(* Let $k\ge 1$, $n\ge 100k$ and $3\le r<s\le 10k$ be integers. Then \[ \lambda(T_{n-s+2,2}\circ K_{s-1})<\lambda(T_{n-r+2,2}\circ K_{r-1}). \]
   Context: $\lambda(G)$ denotes the spectral radius of the adjacency matrix of $G$. $T_{m,2}$ denotes the complete bipartite graph on $m$ vertices with parts of sizes $\lfloor m/2\rfloor$ and $\lceil m/2\rceil$. For $t\ge 3$, $T_{n-t+2,2}\circ K_{t-1}$ is the $n$-vertex graph obtained by identifying a vertex of the complete graph $K_{t-1}$ with a vertex of the smaller part (of size $\lfloor (n-t+2)/2\rfloor$) of $T_{n-t+2,2}$. *)

From mathcomp Require Import all_boot all_order all_algebra all_field.
Set Implicit Arguments. Unset Strict Implicit. Unset Printing Implicit Defensive.
Import Order.TTheory GRing.Theory Num.Theory.
Local Open Scope ring_scope.

(* Spectral radius of a square complex (algebraic) matrix: the maximum modulus
   of the roots (with multiplicity) of its characteristic polynomial, i.e. of
   its eigenvalues. *)
Definition eigen_seq (n : nat) (A : 'M[algC]_n) : seq algC :=
  sval (closed_field_poly_normal (char_poly A)).

Definition spectral_radius (n : nat) (A : 'M[algC]_n) : algC :=
  \big[Num.max/0]_(z <- eigen_seq A) `|z|.

(* The graph T_{n-t+2,2} o K_{t-1} on vertex set 'I_n (for 2 <= t <= n).
   Vertices 0..a-1 : smaller part of T_{m,2};  a..m-1 : larger part;
   the clique K_{t-1} has vertex set {0} U {m, ..., n-1} (vertex 0 is the
   identified vertex, lying in the smaller part). *)
Definition tk_adj (n t : nat) (i j : 'I_n) : bool :=
  let m := (n - t + 2)%N in
  let a := (m %/ 2)%N in
  [&& (i < m)%N, (j < m)%N & ((i < a)%N != (j < a)%N)]
  || [&& i != j, ((i == 0 :> nat) || (m <= i)%N) & ((j == 0 :> nat) || (m <= j)%N)].

Definition tk_adjmx (n t : nat) : 'M[algC]_n :=
  \matrix_(i, j) (tk_adj t i j)%:R.

From mathcomp Require Import all_boot all_order all_algebra all_field.
From mathcomp Require Import zify.
Import Order.TTheory GRing.Theory Num.Theory.
Local Open Scope ring_scope.
Local Open Scope sesquilinear_scope.

(* Let m = n - t + 2, a = floor(m/2), b = m - a and c = t - 2, and split the vertices of
   T_{m,2} o K_{t-1} into four classes: the identified vertex 0, the other a - 1 vertices
   of the smaller part, the b vertices of the larger part and the other c vertices of the
   clique.  This partition is equitable: the adjacency matrix A maps class-constant vectors
   to class-constant vectors, so both spectral estimates reduce to computations on four
   numbers.
   Upper bound (10t <= n): the positive class-constant weight w = (2m+5, 4b, 2m+1, 8)
   satisfies A w <= (2m+1)/4 w, which bounds every eigenvalue by (2m+1)/4
   (Collatz-Wielandt).
   Lower bound: the Rayleigh quotient of the indicator of T_{m,2} is 2ab/m >= (m^2-1)/(2m).
   From t = r to t = s the parameter m drops by at least one, and
   (2(m-1)+1)/4 < (m^2-1)/(2m) as soon as m > 2. *)

(* |z| sum_i |v_i| y_i <= sum_i |v_i| (A y)_i <= U sum_i |v_i| y_i for a left eigenvector v. *)
Lemma eigenvalue_norm_le_weight (C : numFieldType) n (A : 'M[C]_n) (y : 'cV[C]_n) (U z : C) :
  (forall i j, 0 <= A i j) -> (forall i, 0 < y i 0) ->
  (forall i, (A *m y) i 0 <= U * y i 0) -> eigenvalue A z -> `|z| <= U.
Proof.
move=> A_ge0 y_gt0 Ay_le /eigenvalueP[v vAz v_neq0].
pose S := \sum_i `|v 0 i| * y i 0.
have S_gt0 : 0 < S.
  have /existsP[i vi_neq0] : [exists i, v 0 i != 0].
    apply: contraNT v_neq0; rewrite negb_exists => /forallP v0.
    by apply/eqP/rowP => i; rewrite mxE; apply/eqP; rewrite -[_ == _]negbK v0.
  rewrite /S (bigD1 i) //=; apply: ltr_wpDr; last by rewrite mulr_gt0 ?normr_gt0.
  by apply: sumr_ge0 => j _; exact: mulr_ge0 (normr_ge0 _) (ltW (y_gt0 j)).
rewrite -(ler_pM2r S_gt0) /S !mulr_sumr.
have zvE j : `|z| * `|v 0 j| = `|\sum_i v 0 i * A i j|.
  by have := congr1 (fun u : 'rV_n => `|u 0 j|) vAz; rewrite !mxE normrM => ->.
apply: (@le_trans _ _ (\sum_j \sum_i `|v 0 i| * A i j * y j 0)).
  apply: ler_sum => j _; rewrite mulrA zvE -mulr_suml ler_wpM2r ?(ltW (y_gt0 j)) //.
  apply: le_trans (ler_norm_sum _ _ _) _; apply: ler_sum => i _.
  by rewrite normrM (ger0_norm (A_ge0 i j)).
rewrite exchange_big /=; apply: ler_sum => i _.
under eq_bigr do rewrite -mulrA.
rewrite -mulr_sumr mulrCA ler_wpM2l //.
by have := Ay_le i; rewrite mxE.
Qed.

(* With A = P^* D P for a unitary P, the form is sum_i d_i |y_i|^2 where y = x P^* and each
   d_i is a real eigenvalue of A. *)
Lemma hermitian_rayleigh_le (C : numClosedFieldType) n (A : 'M[C]_n) (x : 'rV[C]_n) (U : C) :
  A \is hermsymmx -> (forall z, eigenvalue A z -> `|z| <= U) ->
  (x *m A *m x^t*) 0 0 <= U * (x *m x^t*) 0 0.
Proof.
move=> A_herm eig_le; have /orthomx_spectralP := hermitian_normalmx A_herm.
have d_real := hermitian_spectral_diag_real A_herm.
set P := spectralmx A; set d := spectral_diag A in d_real * => A_eq.
have P_unitary : P \is unitarymx := spectral_unitarymx A.
rewrite invmx_unitary // in A_eq.
have d_eig i : eigenvalue A (d 0 i).
  apply/eigenvalueP; exists (row i P).
    rewrite A_eq !mulmxA -row_mul (unitarymxP P_unitary) row1.
    by rewrite -rowE row_diag_mx -scalemxAl -rowE.
  apply: contra_neq (oner_neq0 C) => Pi0.
  have : row i (P *m P^t*) 0 i = 1 by rewrite (unitarymxP P_unitary) row1 mxE !eqxx.
  by rewrite row_mul Pi0 mul0mx mxE.
pose y := x *m P^t*.
have yP : y *m P = x by rewrite mulmxKtV.
have -> : x *m A *m x^t* = y *m diag_mx d *m y^t*.
  by rewrite A_eq /y trmx_mul map_mxM trmxCK !mulmxA.
clearbody y; rewrite -yP trmx_mul map_mxM mulmxA mulmxtVK // mul_mx_diag !mxE mulr_sumr.
apply: ler_sum => i _; rewrite !mxE mulrAC [U * _]mulrC ler_wpM2l ?mul_conjC_ge0 //.
exact: le_trans (real_ler_norm (mxOverP d_real 0 i)) (eig_le _ (d_eig i)).
Qed.

Lemma mem_eigen_seq n (A : 'M[algC]_n) z : (z \in eigen_seq A) = eigenvalue A z.
Proof.
rewrite eigenvalue_root_char /eigen_seq; case: closed_field_poly_normal => rs /= rsE.
by rewrite [in RHS]rsE (monicP (char_poly_monic A)) scale1r root_prod_XsubC.
Qed.

Lemma spectral_radius_le n (A : 'M[algC]_n) U :
  0 <= U -> (forall z, eigenvalue A z -> `|z| <= U) -> spectral_radius A <= U.
Proof.
move=> U_ge0 eig_le; rewrite /spectral_radius big_seq.
elim/big_ind: _ => // [x y xU yU | z]; first by rewrite /Num.max; case: ifP.
by rewrite mem_eigen_seq => /eig_le.
Qed.

Lemma norm_le_spectral_radius n (A : 'M[algC]_n) z :
  eigenvalue A z -> `|z| <= spectral_radius A.
Proof.
rewrite -mem_eigen_seq /spectral_radius; elim: (eigen_seq A) => [//|x s IH].
have max_real : \big[Num.max/0]_(y <- s) `|y| \is Num.real.
  by apply: bigmax_real => // y _; apply: normr_real.
rewrite big_cons inE comparable_le_max ?real_comparable ?normr_real //.
by case/orP => [/eqP-> | /IH->]; rewrite ?lexx ?orbT.
Qed.

Lemma sumr_nat_const_on (V : nmodType) (F : nat -> V) (x : V) lo hi :
  (forall i, (lo <= i < hi)%N -> F i = x) -> \sum_(lo <= i < hi) F i = x *+ (hi - lo).
Proof. by move=> Fx; rewrite -sumr_const_nat; apply: eq_big_nat. Qed.

Lemma sumr_nat_neq (V : nmodType) (x : V) lo hi j :
  \sum_(lo <= i < hi) x *+ (i != j) = x *+ (hi - lo - (lo <= j < hi)).
Proof.
rewrite sumrMnr -big_mkcond /= sum1_count.
have := count_predC (pred1 j) (index_iota lo hi).
rewrite count_uniq_mem ?iota_uniq // mem_index_iota size_iota.
by move=> <-; rewrite addKn.
Qed.

(* [tk_adj] on natural-number indices, so that sums over 'I_n can be cut into ranges. *)
Definition tk_adjn (n t i j : nat) : bool :=
  let m := (n - t + 2)%N in
  let a := (m %/ 2)%N in
  [&& (i < m)%N, (j < m)%N & ((i < a)%N != (j < a)%N)]
  || [&& i != j, ((i == 0) || (m <= i)%N) & ((j == 0) || (m <= j)%N)].

Lemma tk_adjmxE n t (i j : 'I_n) : tk_adjmx n t i j = (tk_adjn n t i j)%:R.
Proof. by rewrite mxE. Qed.

Lemma tr_tk_adjmx n t : (tk_adjmx n t)^T = tk_adjmx n t.
Proof. by apply/matrixP => i j; rewrite mxE !tk_adjmxE /tk_adjn; congr (_%:R); lia. Qed.

Lemma tk_adjmx_hermsym n t : tk_adjmx n t \is hermsymmx.
Proof.
apply: realsym_hermsym; last by apply/mxOverP => i j; rewrite mxE realn.
by apply/is_hermitianmxP; rewrite expr0 scale1r map_mx_id ?tr_tk_adjmx.
Qed.

Definition tk_block (n t : nat) (x0 x1 x2 x3 : algC) (i : nat) : algC :=
  if i == 0%N then x0 else if (i < (n - t + 2) %/ 2)%N then x1
  else if (i < n - t + 2)%N then x2 else x3.

Definition tk_lift (n t : nat) (x0 x1 x2 x3 : algC) : 'rV[algC]_n :=
  \row_(i < n) tk_block n t x0 x1 x2 x3 i.

Section Blocks.
Variables n t : nat.
Hypotheses (t_ge2 : (2 <= t)%N) (t_le_n : (t <= n)%N).
Local Notation m := (n - t + 2)%N.
Local Notation a := (m %/ 2)%N.
Local Notation b := (m - a)%N.
Local Notation c := (n - m)%N.

Lemma tk_adjn0 j : tk_adjn n t 0 j = (a <= j)%N.
Proof. rewrite /tk_adjn; lia. Qed.

Lemma tk_adjn_small i j : (1 <= i < a)%N -> tk_adjn n t i j = (a <= j < m)%N.
Proof. rewrite /tk_adjn; lia. Qed.

Lemma tk_adjn_large i j : (a <= i < m)%N -> tk_adjn n t i j = (j < a)%N.
Proof. rewrite /tk_adjn; lia. Qed.

Lemma tk_adjn_clique i j :
  (m <= i)%N -> tk_adjn n t i j = (i != j) && ((j == 0) || (m <= j))%N.
Proof. rewrite /tk_adjn; lia. Qed.

Lemma tk_block_small x0 x1 x2 x3 i : (1 <= i < a)%N -> tk_block n t x0 x1 x2 x3 i = x1.
Proof. by rewrite /tk_block => ?; repeat case: ifP => // ?; lia. Qed.

Lemma tk_block_large x0 x1 x2 x3 i : (a <= i < m)%N -> tk_block n t x0 x1 x2 x3 i = x2.
Proof. by rewrite /tk_block => ?; repeat case: ifP => // ?; lia. Qed.

Lemma tk_block_clique x0 x1 x2 x3 i : (m <= i)%N -> tk_block n t x0 x1 x2 x3 i = x3.
Proof. by rewrite /tk_block => ?; repeat case: ifP => // ?; lia. Qed.

Lemma sum_tk_split (V : nmodType) (F : nat -> V) :
  \sum_(i < n) F i =
  F 0%N + \sum_(1 <= i < a) F i + \sum_(a <= i < m) F i + \sum_(m <= i < n) F i.
Proof.
rewrite -(big_mkord xpredT) big_ltn; last lia.
by rewrite -!addrA -!big_cat_nat //; lia.
Qed.

Lemma tk_lift_mul x0 x1 x2 x3 :
  tk_lift n t x0 x1 x2 x3 *m tk_adjmx n t =
  tk_lift n t (x2 *+ b + x3 *+ c) (x2 *+ b) (x0 + x1 *+ a.-1) (x0 + x3 *+ c.-1).
Proof.
apply/rowP => j; rewrite !mxE.
under eq_bigr do rewrite tk_adjmxE mxE.
rewrite (@sum_tk_split _ (fun i => tk_block n t x0 x1 x2 x3 i * (tk_adjn n t i j)%:R)).
rewrite /= tk_adjn0 (@sumr_nat_const_on _ _ (x1 * (a <= j < m)%N%:R)); last first.
  by move=> i ia; rewrite tk_block_small ?tk_adjn_small.
rewrite (@sumr_nat_const_on _ _ (x2 * (j < a)%N%:R)); last first.
  by move=> i ia; rewrite tk_block_large ?tk_adjn_large.
rewrite (@eq_big_nat _ _ _ _ _ _
  (fun i => (x3 * ((j == 0 :> nat) || (m <= j))%N%:R) *+ (i != j))); last first.
  move=> i /andP[mi _]; rewrite tk_block_clique ?tk_adjn_clique //.
  by case: (i != j); rewrite ?mulr0 ?mulr1n ?mulr0n.
rewrite sumr_nat_neq /tk_block eqxx (ltn_ord j) andbT.
rewrite [(a <= j)%N]leqNgt [(m <= j)%N]leqNgt.
have a_gt0 : (0 < a)%N by lia.
have a_le_m : (a <= m)%N by lia.
case: ifP => [/eqP j0 | j0]; [| case: ifP => ja; [| case: ifP => jm]] => /=;
  [rewrite j0 a_gt0 (leq_trans a_gt0 a_le_m) | rewrite (leq_trans ja a_le_m) | |] => /=;
  by rewrite ?mulr0 ?mul0rn ?mulr1 ?add0r ?addr0 ?subn0 ?subn1.
Qed.

Lemma tk_lift_dot x0 x1 x2 x3 y0 y1 y2 y3 :
  (tk_lift n t x0 x1 x2 x3 *m (tk_lift n t y0 y1 y2 y3)^T) 0 0 =
  x0 * y0 + (x1 * y1) *+ a.-1 + (x2 * y2) *+ b + (x3 * y3) *+ c.
Proof.
rewrite mxE; under eq_bigr do rewrite !mxE.
rewrite (@sum_tk_split _ (fun i => tk_block n t x0 x1 x2 x3 i * tk_block n t y0 y1 y2 y3 i)).
rewrite /= (@sumr_nat_const_on _ _ (x1 * y1)) => [|i ?]; last by rewrite !tk_block_small.
rewrite (@sumr_nat_const_on _ _ (x2 * y2)) => [|i ?]; last by rewrite !tk_block_large.
rewrite (@sumr_nat_const_on _ _ (x3 * y3)) => [|i /andP[? _]]; last by rewrite !tk_block_clique.
by rewrite /tk_block eqxx subn1.
Qed.

Lemma tk_spectral_radius_le :
  (10 * t <= n)%N -> spectral_radius (tk_adjmx n t) <= (2 * m + 1)%:R / 4.
Proof.
move=> tn.
apply: spectral_radius_le => [|z]; first by rewrite divr_ge0 ?ler0n.
apply: (@eigenvalue_norm_le_weight _ _ _
  (tk_lift n t (2 * m + 5)%:R (4 * b)%:R (2 * m + 1)%:R 8%:R)^T).
- by move=> i j; rewrite tk_adjmxE ler0n.
- by move=> i; rewrite !mxE /tk_block; repeat case: ifP => _; rewrite ltr0n; lia.
move=> i; rewrite -tr_tk_adjmx -trmx_mul tk_lift_mul !mxE /tk_block.
case: ifP => _; [|case: ifP => _; [|case: ifP => _]];
  rewrite -!mulrnA -?natrD mulrAC ler_pdivlMr ?ltr0n // -!natrM ler_nat; nia.
Qed.

Lemma tk_spectral_radius_ge :
  (2 * (a * b))%:R <= spectral_radius (tk_adjmx n t) * m%:R.
Proof.
pose x := tk_lift n t 1 1 1 0.
have x_real : x^t* = x^T.
  apply/matrixP => i j; rewrite !mxE /tk_block.
  by repeat case: ifP => _; rewrite ?conjC1 ?conjC0.
have xx : (x *m x^T) 0 0 = m%:R.
  rewrite tk_lift_dot !mulr1 mulr0 mul0rn addr0 nat1r -natrD; congr _%:R; lia.
have xAx : (x *m tk_adjmx n t *m x^T) 0 0 = (2 * (a * b))%:R.
  rewrite tk_lift_mul tk_lift_dot !mulr1 mulr0 !mul0rn !addr0 mulrnDl -!mulrnA -!natrD.
  congr _%:R; nia.
have := @hermitian_rayleigh_le _ _ _ x _ (tk_adjmx_hermsym n t) (@norm_le_spectral_radius _ _).
by rewrite x_real xAx xx.
Qed.

End Blocks.

Theorem lemma2p8 (k n r s : nat) :
  (1 <= k)%N -> (100 * k <= n)%N -> (3 <= r)%N -> (r < s)%N -> (s <= 10 * k)%N ->
  spectral_radius (tk_adjmx n s) < spectral_radius (tk_adjmx n r).
Proof.
move=> k_ge1 n_ge r_ge3 r_lt_s s_le.
have ub := @tk_spectral_radius_le n s ltac:(lia) ltac:(lia) ltac:(lia).
have lb := @tk_spectral_radius_ge n r ltac:(lia) ltac:(lia).
have m_gt0 : 0 < (n - r + 2)%:R :> algC by rewrite ltr0n; lia.
rewrite -(ltr_pM2r m_gt0); apply: le_lt_trans (ler_wpM2r (ltW m_gt0) ub) (lt_le_trans _ lb).
rewrite mulrAC ltr_pdivrMr ?ltr0n // -!natrM ltr_nat.
nia.
Qed.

**Problem details**: The lines to retype, exactly and only, run from the first line of the material through the line with "Definition tk_adj (n".

**Task response**:
(* Let $k\ge 1$, $n\ge 100k$ and $3\le r<s\le 10k$ be integers. Then \[ \lambda(T_{n-s+2,2}\circ K_{s-1})<\lambda(T_{n-r+2,2}\circ K_{r-1}). \]
   Context: $\lambda(G)$ denotes the spectral radius of the adjacency matrix of $G$. $T_{m,2}$ denotes the complete bipartite graph on $m$ vertices with parts of sizes $\lfloor m/2\rfloor$ and $\lceil m/2\rceil$. For $t\ge 3$, $T_{n-t+2,2}\circ K_{t-1}$ is the $n$-vertex graph obtained by identifying a vertex of the complete graph $K_{t-1}$ with a vertex of the smaller part (of size $\lfloor (n-t+2)/2\rfloor$) of $T_{n-t+2,2}$. *)

From mathcomp Require Import all_boot all_order all_algebra all_field.
Set Implicit Arguments. Unset Strict Implicit. Unset Printing Implicit Defensive.
Import Order.TTheory GRing.Theory Num.Theory.
Local Open Scope ring_scope.

(* Spectral radius of a square complex (algebraic) matrix: the maximum modulus
   of the roots (with multiplicity) of its characteristic polynomial, i.e. of
   its eigenvalues. *)
Definition eigen_seq (n : nat) (A : 'M[algC]_n) : seq algC :=
  sval (closed_field_poly_normal (char_poly A)).

Definition spectral_radius (n : nat) (A : 'M[algC]_n) : algC :=
  \big[Num.max/0]_(z <- eigen_seq A) `|z|.

(* The graph T_{n-t+2,2} o K_{t-1} on vertex set 'I_n (for 2 <= t <= n).
   Vertices 0..a-1 : smaller part of T_{m,2};  a..m-1 : larger part;
   the clique K_{t-1} has vertex set {0} U {m, ..., n-1} (vertex 0 is the
   identified vertex, lying in the smaller part). *)
Definition tk_adj (n t : nat) (i j : 'I_n) : bool :=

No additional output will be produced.